Transcending Guns

The day was long, its shadows stretching their elongated forms across the road.  To the left of me at a car mall along the interstate, a super-sized American flag too heavy to fly full was at half-mast, its drooping symbolic of a nation weighed down by grief and bewilderment about what to do next about the blood-madness unleashed by guns in our society.  I wondered if the political system could bear the responsibility of steering the nation around and through what has become a moment of turning, when we as a people are presented with the opportunity to grow.  This, after all, is not like the attacks of September 11, 2001. Those attacks were of an enemy foreign to our land; there was no reason to doubt anything.  Connecticut was an attack from within.  The question now is whether we can react against those who attack us every day and then attack us all at once on a campus of innocents.

 

The faces of the murdered children and of the little survivors in Newtown crack and crush the heart.  Their shadows should be enough to haunt a feckless Congress into action. And much can be done, such as banning the nasty assault weapons that to many are a symbol of right-wing extremists but that for me are about something else, something difficult to explain.  It can be best told by a story of many years ago.

The house on Capitol Hill that I lived in had been robbed for a third time in one year.  A couple of months before, I had been mugged after parking my car two blocks from the Supreme Court.  Crime was endemic in Washington at the time.  I was almost 25 and having been raised in Texas had been around guns but had never been taught to use them.  I remember my father cleaning his rifle at the height of the Cuban missile crisis when no one discounted war with the Soviets, and I remember the jackrabbits and deer he used to bring home to feed his family at times.  Nothing on earth beats venison tamales.  And so, I had never been opposed to guns and given the rising threat to my personal safety from the near-useless D.C. government, I thought it was time to inquire about getting a gun.  So I called a friend in Virginia who was a gun enthusiast.

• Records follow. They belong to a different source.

Lemma gram_W : D *m (adjmx W *m W) = c%:M.
Proof.
rewrite -gmxC_adj -!gmxC_mul (eqP gram_checked) gmxC_diag -diag_const_mx.
by congr diag_mx; apply/rowP => i; rewrite !mxE nth_nseq ltn_ord.
Qed.

Lemma proj_V n (A : 'M[C]_(27, n)) : (forall j, inV (col j A)) ->
  W *m D *m adjmx W *m A = c *: A.
Proof.
move=> colA; apply/trmx_inj/row_matrixP => j; rewrite -!tr_col; congr trmx.
have [u uE] := inV_colspan _ (colA j).
rewrite !colE -!mulmxA -colE uE (mulmxA (adjmx W)) (mulmxA D) gram_W mul_scalar_mx.
by rewrite -scalemxAl -colE uE scalemxAr.
Qed.

End Restriction.

Theorem proposition6p3 (R : realType) (X : 'M[R[i]]_27) :
  adjmx X = - X -> \tr X = 0 ->
  (forall v, inV v -> inV (X *m v)) ->
  (forall w, orthV w -> X *m w = 0) ->
  exists Y, Lalg Y /\ (forall v, inV v -> Y *m v = X *m v).
Proof.
(* The restrictions exhaust u(8). *)
move=> skewX _ XV _.
set W := gmxC R 27 8 gW; set c := gC R (gram_scale, Z0).
have c_neq0 : c != 0 by rewrite gC_eq0.
set M := c^-1 *: (gmxC R 8 8 gD *m (adjmx W *m X *m W)).
have XW : X *m W = W *m M.
  rewrite -scalemxAr !mulmxA -(mulmxA _ X) proj_V ?scalerA ?mulVf ?scale1r // => j.
  by rewrite colE -mulmxA -colE; apply/XV/inV_col_W.
have [Y LY YW] : restricted_L R M.
  apply/restricted_LZ/restricted_L_skew_hermitian; first by rewrite realV gC_real.
  by rewrite !adjmx_mul adjmxK skewX mulNmx mulmxN mulmxA.
by exists Y; split=> // v /inV_colspan[u ->]; rewrite !mulmxA YW XW.
Qed.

And so he came over the following Saturday morning.  I told him I wanted to learn how to fire a gun and maybe get one, and so it was determined we would go to his shooting range later that week to start the process.  But as he talked I saw him get more and more excited.  There seemed to be something else at work in his personality, in his identity.  He began to talk in a way that made me realize that for some people guns are more than, well, just guns.  I remember to this day the relish with which he said, “Yeah, they make you feel so powerful.  It’s a rush.  All that power.”  I italicize that word not to take literary license.  It was he who emphasized the word by bringing his hands up to his chest as if holding something of greater value than himself.  The image of Adolf Hitler gathering his arms to his chest while speaking in near ecstasy to a bunch of fanatics comes to mind. I did not keep the appointment.  The rapture in his voice makes me nervous to this day but it also provides me with what for me is an insight to the current lunacy.

In the reports after Columbine, Virginia Tech, Aurora and Sandy Hook, speculation suggests that the exercise of power was at the core of what motivates young men of similar psychological makeup to embark on such violence that almost always includes their own destruction.  What an amazing moment if we as a society are producing individuals who feel such powerlessness as to trigger such madness.  Are they just the extreme of any of us who sometimes futilely battle insurance companies and banks and government and cable companies and oil and gas companies and drug gangs?

Have we reached a point when personal rage is refracted routinely into personal identity?  But my father was not a gun nut.  He would have defended us if the Russians had parachuted into West Texas.  And if he were still alive today and his family needed food, well, a deer in the Texas Hill Country would not be safe.  I doubt my father every savored the idea of power rushing from his rifle.

All of this is about something else.  Something is afoot not valid years ago.  To me, the difference is the wave of violence in movies, television and music that has permeated all of life.  Exposure to violence is synonymous with the increase of massacres in other countries as well.  It is not an American phenomenon.  It is about the need to satisfy helplessness through a sudden lunge for power even at the cost of self.  We have too many guns amidst too many young men not connected to life but to violence.

We do not have to reassess the meaning of the Second nor the First Amendment.  The purveyors of violence and irresponsible gun owners must reassess the impact of their vice and their personal shortcomings on the rest of us, including the children.

The gun lobby is not all wrong; neither is the other side, of which I count myself a member.  We must transcend absolutist thinking.

We all have to come out from under the shadows.

Jesse Treviño is the former editorial page editor of The Austin American-Statesman.